:: Work task ::
A word-for-word repetition of all the entries is required.

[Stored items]

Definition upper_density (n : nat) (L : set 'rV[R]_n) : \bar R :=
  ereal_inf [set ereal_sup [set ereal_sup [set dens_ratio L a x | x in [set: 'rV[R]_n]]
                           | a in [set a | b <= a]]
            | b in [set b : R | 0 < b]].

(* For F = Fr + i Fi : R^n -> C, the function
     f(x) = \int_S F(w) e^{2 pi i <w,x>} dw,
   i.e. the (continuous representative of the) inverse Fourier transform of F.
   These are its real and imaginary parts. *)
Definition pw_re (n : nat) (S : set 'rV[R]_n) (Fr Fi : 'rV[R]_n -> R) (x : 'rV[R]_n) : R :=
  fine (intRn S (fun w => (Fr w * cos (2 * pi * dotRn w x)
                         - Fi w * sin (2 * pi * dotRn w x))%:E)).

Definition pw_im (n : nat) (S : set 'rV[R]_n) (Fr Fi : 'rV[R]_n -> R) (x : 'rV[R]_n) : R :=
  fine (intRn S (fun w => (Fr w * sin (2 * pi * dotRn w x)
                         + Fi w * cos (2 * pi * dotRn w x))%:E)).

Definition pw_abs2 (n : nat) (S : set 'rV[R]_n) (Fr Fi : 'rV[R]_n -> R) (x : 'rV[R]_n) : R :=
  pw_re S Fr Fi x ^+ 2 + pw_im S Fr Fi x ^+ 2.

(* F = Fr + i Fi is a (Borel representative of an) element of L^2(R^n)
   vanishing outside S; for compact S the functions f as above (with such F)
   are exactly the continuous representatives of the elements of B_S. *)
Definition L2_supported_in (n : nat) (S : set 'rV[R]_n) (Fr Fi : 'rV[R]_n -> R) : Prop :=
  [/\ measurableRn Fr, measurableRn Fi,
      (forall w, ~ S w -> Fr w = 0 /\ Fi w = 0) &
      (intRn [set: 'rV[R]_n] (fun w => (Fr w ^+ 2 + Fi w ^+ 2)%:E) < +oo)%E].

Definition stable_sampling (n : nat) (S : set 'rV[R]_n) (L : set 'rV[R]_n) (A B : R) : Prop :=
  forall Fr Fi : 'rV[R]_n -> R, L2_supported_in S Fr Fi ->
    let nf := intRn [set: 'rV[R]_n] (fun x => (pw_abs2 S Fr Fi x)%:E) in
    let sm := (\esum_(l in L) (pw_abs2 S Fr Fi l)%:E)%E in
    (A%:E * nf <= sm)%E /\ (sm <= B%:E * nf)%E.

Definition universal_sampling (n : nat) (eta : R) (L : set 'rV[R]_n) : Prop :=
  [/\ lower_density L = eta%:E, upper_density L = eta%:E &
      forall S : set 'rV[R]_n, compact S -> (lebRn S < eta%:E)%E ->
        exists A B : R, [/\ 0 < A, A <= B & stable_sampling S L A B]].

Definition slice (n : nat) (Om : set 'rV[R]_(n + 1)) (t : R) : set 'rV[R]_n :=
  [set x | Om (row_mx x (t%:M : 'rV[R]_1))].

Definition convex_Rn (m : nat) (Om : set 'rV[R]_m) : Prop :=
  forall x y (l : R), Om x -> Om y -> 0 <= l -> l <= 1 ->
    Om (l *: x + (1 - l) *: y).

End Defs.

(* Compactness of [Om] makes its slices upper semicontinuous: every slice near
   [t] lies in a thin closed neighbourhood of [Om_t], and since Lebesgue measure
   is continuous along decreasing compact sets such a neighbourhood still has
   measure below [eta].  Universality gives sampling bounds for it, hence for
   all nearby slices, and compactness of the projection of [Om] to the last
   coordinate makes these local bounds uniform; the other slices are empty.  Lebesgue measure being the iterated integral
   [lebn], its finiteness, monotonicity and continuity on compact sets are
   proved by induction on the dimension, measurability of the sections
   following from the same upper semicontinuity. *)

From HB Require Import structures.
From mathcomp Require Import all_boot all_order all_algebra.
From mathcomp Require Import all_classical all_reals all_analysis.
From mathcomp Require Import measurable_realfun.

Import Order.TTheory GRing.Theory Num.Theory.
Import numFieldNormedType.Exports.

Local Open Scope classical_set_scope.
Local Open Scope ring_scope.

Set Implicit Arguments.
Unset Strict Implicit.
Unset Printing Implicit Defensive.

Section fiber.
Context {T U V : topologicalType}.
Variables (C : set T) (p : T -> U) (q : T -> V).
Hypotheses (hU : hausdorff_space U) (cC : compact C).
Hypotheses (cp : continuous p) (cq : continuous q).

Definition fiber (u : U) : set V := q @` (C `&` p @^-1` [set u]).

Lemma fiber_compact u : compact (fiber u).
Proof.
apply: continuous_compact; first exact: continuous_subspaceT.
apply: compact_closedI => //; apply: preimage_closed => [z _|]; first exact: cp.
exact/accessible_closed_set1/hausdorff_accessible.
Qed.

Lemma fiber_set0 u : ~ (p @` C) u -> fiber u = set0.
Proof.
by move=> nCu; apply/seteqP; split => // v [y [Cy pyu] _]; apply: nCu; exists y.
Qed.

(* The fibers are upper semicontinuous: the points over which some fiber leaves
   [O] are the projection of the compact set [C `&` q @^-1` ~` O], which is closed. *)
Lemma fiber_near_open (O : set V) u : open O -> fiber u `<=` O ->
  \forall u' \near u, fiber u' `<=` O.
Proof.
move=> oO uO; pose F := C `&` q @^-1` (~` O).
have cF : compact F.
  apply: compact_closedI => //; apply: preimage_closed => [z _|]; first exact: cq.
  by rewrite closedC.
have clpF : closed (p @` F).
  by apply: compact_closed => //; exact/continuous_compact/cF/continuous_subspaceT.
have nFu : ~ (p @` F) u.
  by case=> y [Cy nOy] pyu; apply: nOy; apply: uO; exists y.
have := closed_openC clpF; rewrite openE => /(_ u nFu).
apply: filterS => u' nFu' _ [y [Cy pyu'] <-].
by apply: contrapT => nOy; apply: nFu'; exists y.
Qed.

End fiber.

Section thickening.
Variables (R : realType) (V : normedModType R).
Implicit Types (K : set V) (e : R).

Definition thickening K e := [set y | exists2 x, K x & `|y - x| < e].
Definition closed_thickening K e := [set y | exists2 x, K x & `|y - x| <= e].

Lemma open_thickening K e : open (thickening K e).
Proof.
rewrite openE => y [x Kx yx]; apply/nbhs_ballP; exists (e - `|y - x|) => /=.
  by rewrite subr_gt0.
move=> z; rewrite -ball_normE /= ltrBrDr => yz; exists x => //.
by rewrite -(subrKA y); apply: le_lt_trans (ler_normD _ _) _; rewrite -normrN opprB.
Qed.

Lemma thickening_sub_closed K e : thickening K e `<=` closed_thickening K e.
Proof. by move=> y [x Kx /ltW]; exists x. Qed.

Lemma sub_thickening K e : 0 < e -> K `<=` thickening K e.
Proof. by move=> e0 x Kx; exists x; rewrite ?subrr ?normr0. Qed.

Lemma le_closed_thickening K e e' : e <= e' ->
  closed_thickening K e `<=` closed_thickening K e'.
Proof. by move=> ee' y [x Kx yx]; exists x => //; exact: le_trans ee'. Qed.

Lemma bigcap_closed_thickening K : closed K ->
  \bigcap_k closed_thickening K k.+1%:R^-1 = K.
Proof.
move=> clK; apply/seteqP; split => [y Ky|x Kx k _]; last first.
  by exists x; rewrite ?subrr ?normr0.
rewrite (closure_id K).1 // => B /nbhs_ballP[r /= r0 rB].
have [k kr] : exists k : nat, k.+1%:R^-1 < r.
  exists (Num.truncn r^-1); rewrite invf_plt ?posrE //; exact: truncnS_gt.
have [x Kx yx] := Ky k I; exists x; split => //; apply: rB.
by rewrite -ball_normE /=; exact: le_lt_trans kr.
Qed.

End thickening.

:: Finished exercise ::
Definition upper_density (n : nat) (L : set 'rV[R]_n) : \bar R :=
  ereal_inf [set ereal_sup [set ereal_sup [set dens_ratio L a x | x in [set: 'rV[R]_n]]
                           | a in [set a | b <= a]]
            | b in [set b : R | 0 < b]].

(* For F = Fr + i Fi : R^n -> C, the function
     f(x) = \int_S F(w) e^{2 pi i <w,x>} dw,
   i.e. the (continuous representative of the) inverse Fourier transform of F.
   These are its real and imaginary parts. *)
Definition pw_re (n : nat) (S : set 'rV[R]_n) (Fr Fi : 'rV[R]_n -> R) (x : 'rV[R]_n) : R :=
  fine (intRn S (fun w => (Fr w * cos (2 * pi * dotRn w x)
                         - Fi w * sin (2 * pi * dotRn w x))%:E)).

Definition pw_im (n : nat) (S : set 'rV[R]_n) (Fr Fi : 'rV[R]_n -> R) (x : 'rV[R]_n) : R :=
  fine (intRn S (fun w => (Fr w * sin (2 * pi * dotRn w x)
                         + Fi w * cos (2 * pi * dotRn w x))%:E)).

Definition pw_abs2 (n : nat) (S : set 'rV[R]_n) (Fr Fi : 'rV[R]_n -> R) (x : 'rV[R]_n) : R :=
  pw_re S Fr Fi x ^+ 2 + pw_im S Fr Fi x ^+ 2.

(* F = Fr + i Fi is a (Borel representative of an) element of L^2(R^n)
   vanishing outside S; for compact S the functions f as above (with such F)
   are exactly the continuous representatives of the elements of B_S. *)
Definition L2_supported_in (n : nat) (S : set 'rV[R]_n) (Fr Fi : 'rV[R]_n -> R) : Prop :=
  [/\ measurableRn Fr, measurableRn Fi,
      (forall w, ~ S w -> Fr w = 0 /\ Fi w = 0) &
      (intRn [set: 'rV[R]_n] (fun w => (Fr w ^+ 2 + Fi w ^+ 2)%:E) < +oo)%E].

Definition stable_sampling (n : nat) (S : set 'rV[R]_n) (L : set 'rV[R]_n) (A B : R) : Prop :=
  forall Fr Fi : 'rV[R]_n -> R, L2_supported_in S Fr Fi ->
    let nf := intRn [set: 'rV[R]_n] (fun x => (pw_abs2 S Fr Fi x)%:E) in
    let sm := (\esum_(l in L) (pw_abs2 S Fr Fi l)%:E)%E in
    (A%:E * nf <= sm)%E /\ (sm <= B%:E * nf)%E.

Definition universal_sampling (n : nat) (eta : R) (L : set 'rV[R]_n) : Prop :=
  [/\ lower_density L = eta%:E, upper_density L = eta%:E &
      forall S : set 'rV[R]_n, compact S -> (lebRn S < eta%:E)%E ->
        exists A B : R, [/\ 0 < A, A <= B & stable_sampling S L A B]].

Definition slice (n : nat) (Om : set 'rV[R]_(n + 1)) (t : R) : set 'rV[R]_n :=
  [set x | Om (row_mx x (t%:M : 'rV[R]_1))].

Definition convex_Rn (m : nat) (Om : set 'rV[R]_m) : Prop :=
  forall x y (l : R), Om x -> Om y -> 0 <= l -> l <= 1 ->
    Om (l *: x + (1 - l) *: y).

End Defs.

(* Compactness of [Om] makes its slices upper semicontinuous: every slice near
   [t] lies in a thin closed neighbourhood of [Om_t], and since Lebesgue measure
   is continuous along decreasing compact sets such a neighbourhood still has
   measure below [eta].  Universality gives sampling bounds for it, hence for
   all nearby slices, and compactness of the projection of [Om] to the last
   coordinate makes these local bounds uniform; the other slices are empty.  Lebesgue measure being the iterated integral
   [lebn], its finiteness, monotonicity and continuity on compact sets are
   proved by induction on the dimension, measurability of the sections
   following from the same upper semicontinuity. *)

From HB Require Import structures.
From mathcomp Require Import all_boot all_order all_algebra.
From mathcomp Require Import all_classical all_reals all_analysis.
From mathcomp Require Import measurable_realfun.

Import Order.TTheory GRing.Theory Num.Theory.
Import numFieldNormedType.Exports.

Local Open Scope classical_set_scope.
Local Open Scope ring_scope.

Set Implicit Arguments.
Unset Strict Implicit.
Unset Printing Implicit Defensive.

Section fiber.
Context {T U V : topologicalType}.
Variables (C : set T) (p : T -> U) (q : T -> V).
Hypotheses (hU : hausdorff_space U) (cC : compact C).
Hypotheses (cp : continuous p) (cq : continuous q).

Definition fiber (u : U) : set V := q @` (C `&` p @^-1` [set u]).

Lemma fiber_compact u : compact (fiber u).
Proof.
apply: continuous_compact; first exact: continuous_subspaceT.
apply: compact_closedI => //; apply: preimage_closed => [z _|]; first exact: cp.
exact/accessible_closed_set1/hausdorff_accessible.
Qed.

Lemma fiber_set0 u : ~ (p @` C) u -> fiber u = set0.
Proof.
by move=> nCu; apply/seteqP; split => // v [y [Cy pyu] _]; apply: nCu; exists y.
Qed.

(* The fibers are upper semicontinuous: the points over which some fiber leaves
   [O] are the projection of the compact set [C `&` q @^-1` ~` O], which is closed. *)
Lemma fiber_near_open (O : set V) u : open O -> fiber u `<=` O ->
  \forall u' \near u, fiber u' `<=` O.
Proof.
move=> oO uO; pose F := C `&` q @^-1` (~` O).
have cF : compact F.
  apply: compact_closedI => //; apply: preimage_closed => [z _|]; first exact: cq.
  by rewrite closedC.
have clpF : closed (p @` F).
  by apply: compact_closed => //; exact/continuous_compact/cF/continuous_subspaceT.
have nFu : ~ (p @` F) u.
  by case=> y [Cy nOy] pyu; apply: nOy; apply: uO; exists y.
have := closed_openC clpF; rewrite openE => /(_ u nFu).
apply: filterS => u' nFu' _ [y [Cy pyu'] <-].
by apply: contrapT => nOy; apply: nFu'; exists y.
Qed.

End fiber.

Section thickening.
Variables (R : realType) (V : normedModType R).
Implicit Types (K : set V) (e : R).

Definition thickening K e := [set y | exists2 x, K x & `|y - x| < e].
Definition closed_thickening K e := [set y | exists2 x, K x & `|y - x| <= e].

Lemma open_thickening K e : open (thickening K e).
Proof.
rewrite openE => y [x Kx yx]; apply/nbhs_ballP; exists (e - `|y - x|) => /=.
  by rewrite subr_gt0.
move=> z; rewrite -ball_normE /= ltrBrDr => yz; exists x => //.
by rewrite -(subrKA y); apply: le_lt_trans (ler_normD _ _) _; rewrite -normrN opprB.
Qed.

Lemma thickening_sub_closed K e : thickening K e `<=` closed_thickening K e.
Proof. by move=> y [x Kx /ltW]; exists x. Qed.

Lemma sub_thickening K e : 0 < e -> K `<=` thickening K e.
Proof. by move=> e0 x Kx; exists x; rewrite ?subrr ?normr0. Qed.

Lemma le_closed_thickening K e e' : e <= e' ->
  closed_thickening K e `<=` closed_thickening K e'.
Proof. by move=> ee' y [x Kx yx]; exists x => //; exact: le_trans ee'. Qed.

Lemma bigcap_closed_thickening K : closed K ->
  \bigcap_k closed_thickening K k.+1%:R^-1 = K.
Proof.
move=> clK; apply/seteqP; split => [y Ky|x Kx k _]; last first.
  by exists x; rewrite ?subrr ?normr0.
rewrite (closure_id K).1 // => B /nbhs_ballP[r /= r0 rB].
have [k kr] : exists k : nat, k.+1%:R^-1 < r.
  exists (Num.truncn r^-1); rewrite invf_plt ?posrE //; exact: truncnS_gt.
have [x Kx yx] := Ky k I; exists x; split => //; apply: rB.
by rewrite -ball_normE /=; exact: le_lt_trans kr.
Qed.

End thickening.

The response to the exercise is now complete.